Seems to me to be simply a case of involving as many people as possible, because every new person who "knows" Druitt's guilt makes it that much harder to untangle the myth and disprove it - at its core, I genuinely believe, it's actually unbelievably simple, the case against Druitt: and misinformed.

There's no doubt that theories which abound including those Jonathan preaches could make an excellent, best-selling novel, or a new Hollywood movie, but as far as historical fact is concerned, they come up empty, even from those who expound them.

Cheers,
Adam.

Jonathan Hainsworth
08-25-2011, 05:08 PM
The knee-jerk reactions of Buffs, whether the 'obsession' is Crashed Flying Saucers or everybody-did-it-but-Oswald, are always the same.

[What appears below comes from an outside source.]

(* Let $c\ge 3$ be an integer and $\lambda,\mu,\alpha>0$ with $\lambda<c\mu$. Let $(\pi_{i,j})_{(i,j)\in\mathcal S}$ be the stationary distribution of the continuous-time Markov chain on $\mathcal S=\{(i,j):0\le i\le c,\ j\ge i\}$ whose only transitions are: $(i,j)\to(i,j+1)$ at rate $\lambda$; $(i,j)\to(i+1,j)$ at rate $\min(j-i,c-i)\alpha$ for $i<c$, $j>i$; $(i,j)\to(i,j-1)$ at rate $i\mu$ for $i\ge1$, $j>i$; $(i,i)\to(i-1,i-1)$ at rate $i\mu$ for $i\ge 1$. For $k=1,\dots,c-1$ let $f_k(z)=(\lambda+k\mu+(c-k)\alpha)z-\lambda z^2-k\mu$ and let $z_k=\frac{\lambda+k\mu+(c-k)\alpha-\sqrt{(\lambda+k\mu+(c-k)\alpha)^2-4k\lambda\mu}}{2\lambda}$, $\hat z_k=\frac{\lambda+k\mu+(c-k)\alpha+\sqrt{(\lambda+k\mu+(c-k)\alpha)^2-4k\lambda\mu}}{2\lambda}$ be its roots ($0<z_k<1<\hat z_k$); let $\hat z_0=(\lambda+c\alpha)/\lambda$. For $k=0,\dots,c-1$ let $\widehat\Pi_k(z)=\sum_{j\ge c}\pi_{k,j}z^{j-k}$. Define constants $A_{k,j}$ ($1\le k\le c-1$, $0\le j\le k$) recursively by $A_{1,0}=\frac{c\alpha\pi_{0,c-1}\hat z_0}{f_1(\hat z_0)}$, $A_{1,1}=\pi_{1,c-1}-A_{1,0}$, and for $k\ge2$: $$A_{k,j}=\frac{(c-k+1)\alpha A_{k-1,j}\hat z_j}{f_k(\hat z_j)}\ (0\le j\le k-1),\qquad A_{k,k}=-(c-k+1)\alpha\sum_{j=0}^{k-1}\frac{A_{k-1,j}\hat z_j}{f_k(\hat z_j)}+\pi_{k,c-1}.$$ Fix $i\in\{2,\dots,c-1\}$. Define $a^{(i)}_c=\frac{(c-i+1)\alpha\widehat\Pi_{i-1}(z_i)}{i\mu z_i^{c-i}}$, $b^{(i)}_c=\frac{\lambda z_i}{i\mu}$, and for $j=c-1,\dots,i+1$, $$a^{(i)}_j=\frac{(j-i+1)\alpha\pi_{i-1,j}+i\mu a^{(i)}_{j+1}}{\lambda+i\mu+(j-i)\alpha-i\mu b^{(i)}_{j+1}},\qquad b^{(i)}_j=\frac{\lambda}{\lambda+i\mu+(j-i)\alpha-i\mu b^{(i)}_{j+1}}.$$ Then: (i) $\pi_{i,j}=a^{(i)}_j+b^{(i)}_j\pi_{i,j-1}$ for $j=i+1,\dots,c$; (ii) $a^{(i)}_j>0$ and $0<b^{(i)}_j<\frac{\lambda}{i\mu}$ for $j=i+1,\dots,c$; (iii) if $\hat z_0,\hat z_1,\dots,\hat z_{c-1}$ are pairwise distinct, then for all complex $z$ with $|z|\le1$, $$\widehat\Pi_i(z)=z^{c-i}\sum_{j=0}^{i}\frac{A_{i,j}}{\hat z_j-z}.$$
   Context: The chain models an M/M/$c$ queue with setup times under the ON-OFF policy: $i$ is the number of busy servers, $j$ the number of jobs; arrivals Poisson($\lambda$), services exp($\mu$), setups exp($\alpha$). The condition $\lambda<c\mu$ guarantees a unique stationary distribution. *)

From Stdlib Require Import Reals Arith Lia Bool.
From Coquelicot Require Import Coquelicot.
Open Scope R_scope. Open Scope bool_scope.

1. Abuse and smug ridicule of the 'heretic'.

2. Projection of their own obsessions and doctrine onto the unbeliever.

I have written a manuscript for a book, and thus defend my argument. Because I will not be swayed by anemic counter-arguments I am a candidate for a madhouse. I have tried to show why I think it makes sense of all the disparate and limited data.

I have enjoyed some excellent debates with certain people on these boards, who do not agree with my [provisional] conclusions at all. Those debates have enriched my research, and I thank them -- particularly Debra Arif.

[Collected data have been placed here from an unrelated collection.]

Lemma first_crossing (R : realType) (f : nat -> R) T K k :
  (K <= k)%N -> f K <= T -> T < f k -> exists2 j, (K <= j)%N & f j <= T < f j.+1.
Proof.
elim: k => [|k IH] Kk fK Tk.
  by move: Kk fK; rewrite leqn0 => /eqP->; rewrite leNgt Tk.
move: Kk; rewrite leq_eqVlt => /predU1P[Kk|Kk]; first by rewrite Kk leNgt Tk in fK.
have [fk|Tfk] := leP (f k) T; first by exists k; rewrite ?fk.
exact: IH.
Qed.

Section RegularVariation.
Variable R : realType.

Lemma expr1D_le (x : R) n : 0 <= x <= 1 -> (1 + x) ^+ n <= 1 + 3 ^+ n * x.
Proof.
case/andP => x_ge0 x_le1; elim: n => [|n IH]; first by rewrite !expr0 mul1r lerDl.
have C_ge1 : 1 <= (3 : R) ^+ n by rewrite exprn_ege1 // ler1n.
rewrite exprS [3 ^+ n.+1]exprS; apply: le_trans (ler_wpM2l _ IH) _; first lra.
have : 0 <= 3 ^+ n * x * (1 - x) by rewrite !mulr_ge0 //; lra.
have : 0 <= (3 ^+ n - 1) * x by rewrite mulr_ge0 //; lra.
nra.
Qed.

Lemma powR_succ_ratio_le (alpha e : R) : 0 <= alpha -> 0 < e ->
  exists2 b, (0 < b)%N & (b.+1%:R / b%:R) `^ alpha <= 1 + e.
Proof.
move=> alpha_ge0 e_gt0; pose n := Num.bound alpha; pose C : R := 3 ^+ n.
exists (Num.bound (C / e)).+1 => //; set b := (Num.bound (C / e)).+1.
have b_gt0 : 0 < b%:R :> R by rewrite ltr0n.
have -> : b.+1%:R / b%:R = 1 + b%:R^-1 :> R.
  by rewrite -natr1 mulrDl divff ?gt_eqF // mul1r.
have b_inv : 0 <= (b%:R : R)^-1 <= 1 by rewrite invr_ge0 ltW //= invf_le1 // ler1n.
have [binv_ge0 _] := andP b_inv.
apply: le_trans (ler_powR _ (ltW (archi_boundP alpha_ge0))) _; first by rewrite lerDl.
rewrite powR_mulrn ?addr_ge0 //.
apply: le_trans (expr1D_le n b_inv) _; rewrite lerD2l -/C.
rewrite ler_pdivrMr // -ler_pdivrMl // mulrC; apply: ltW.
by rewrite /b -natr1 (lt_le_trans (archi_boundP _)) ?lerDl // divr_ge0 ?exprn_ge0 ?ltW.
Qed.

Lemma step_le_of_block_le (P : nat -> R) (c : R) b :
  nondecreasing_seq P -> 0 <= c -> (0 < b)%N ->
  (\forall k \near \oo, P (b.+1 * k) <= c * P (b * k)) ->
  \forall m \near \oo, P m.+1 <= c * P m.
Proof.
move=> P_nd c_ge0 b_gt0 block; have /cvgnyPge divb := cvg_divnr _ b_gt0.
near=> m.
have [b_le_k blk] : (b <= m %/ b)%N /\ P (b.+1 * (m %/ b))%N <= c * P (b * (m %/ b))%N.
  by split; near: m; [exact: divb | exact: cvg_divnr _ b_gt0 _ block].
have mb := ltn_ceil m b_gt0; have bm := leq_divM m b.
move: (m %/ b)%N b_le_k blk mb bm => k b_le_k blk mb bm.
apply: le_trans (P_nd m.+1 (b.+1 * k)%N _) _; first nia.
by apply: le_trans blk _; rewrite ler_wpM2l // P_nd // mulnC.
Unshelve. all: end_near. Qed.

Furthermore, I have published an article arguing that Anderson may have been correct about his chief suspect after all, and another that Littlechild is the most reliable police source from that era, and so on.

Right from the start, several years ago, I was warned that there would be an element on these sites who would be relentless in their abuse because I was proposing Druitt as the Ripper.

This warning was backed up by other posters writing to me privately to say that these entrenched elements were ferocious in their anybody-but-Druitt attitude because the idea that the case would revert back to 1965, or 1959, was too wrenching, and too disappointing, and too humiliating.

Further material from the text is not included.